Your response should be every line from the entries that includes the string "predT".

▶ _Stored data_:
Start of Block

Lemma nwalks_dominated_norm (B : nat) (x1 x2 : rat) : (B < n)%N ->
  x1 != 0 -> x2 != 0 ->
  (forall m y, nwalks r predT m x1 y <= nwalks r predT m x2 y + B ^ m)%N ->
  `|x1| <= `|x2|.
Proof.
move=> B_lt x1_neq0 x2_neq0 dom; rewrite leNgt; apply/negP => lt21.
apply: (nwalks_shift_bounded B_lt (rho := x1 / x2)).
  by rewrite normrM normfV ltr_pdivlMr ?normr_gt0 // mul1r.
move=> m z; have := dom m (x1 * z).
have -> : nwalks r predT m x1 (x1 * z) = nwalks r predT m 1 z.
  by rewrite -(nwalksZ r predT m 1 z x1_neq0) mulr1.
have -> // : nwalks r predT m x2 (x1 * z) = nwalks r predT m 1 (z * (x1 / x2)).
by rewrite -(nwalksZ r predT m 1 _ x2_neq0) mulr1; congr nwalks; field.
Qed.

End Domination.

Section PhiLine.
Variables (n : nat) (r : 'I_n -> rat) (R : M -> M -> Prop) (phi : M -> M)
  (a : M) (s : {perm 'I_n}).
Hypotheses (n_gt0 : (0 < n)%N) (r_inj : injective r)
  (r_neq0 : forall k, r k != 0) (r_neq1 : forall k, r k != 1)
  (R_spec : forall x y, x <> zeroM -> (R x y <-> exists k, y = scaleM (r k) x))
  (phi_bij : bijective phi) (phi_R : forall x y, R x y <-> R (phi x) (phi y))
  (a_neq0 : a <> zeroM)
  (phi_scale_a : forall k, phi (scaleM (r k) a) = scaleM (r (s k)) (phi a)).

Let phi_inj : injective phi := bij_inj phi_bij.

End of Block

▶ _Task response_:
  (forall m y, nwalks r predT m x1 y <= nwalks r predT m x2 y + B ^ m)%N ->
have -> : nwalks r predT m x1 (x1 * z) = nwalks r predT m 1 z.
  by rewrite -(nwalksZ r predT m 1 z x1_neq0) mulr1.
have -> // : nwalks r predT m x2 (x1 * z) = nwalks r predT m 1 (z * (x1 / x2)).
by rewrite -(nwalksZ r predT m 1 _ x2_neq0) mulr1; congr nwalks; field.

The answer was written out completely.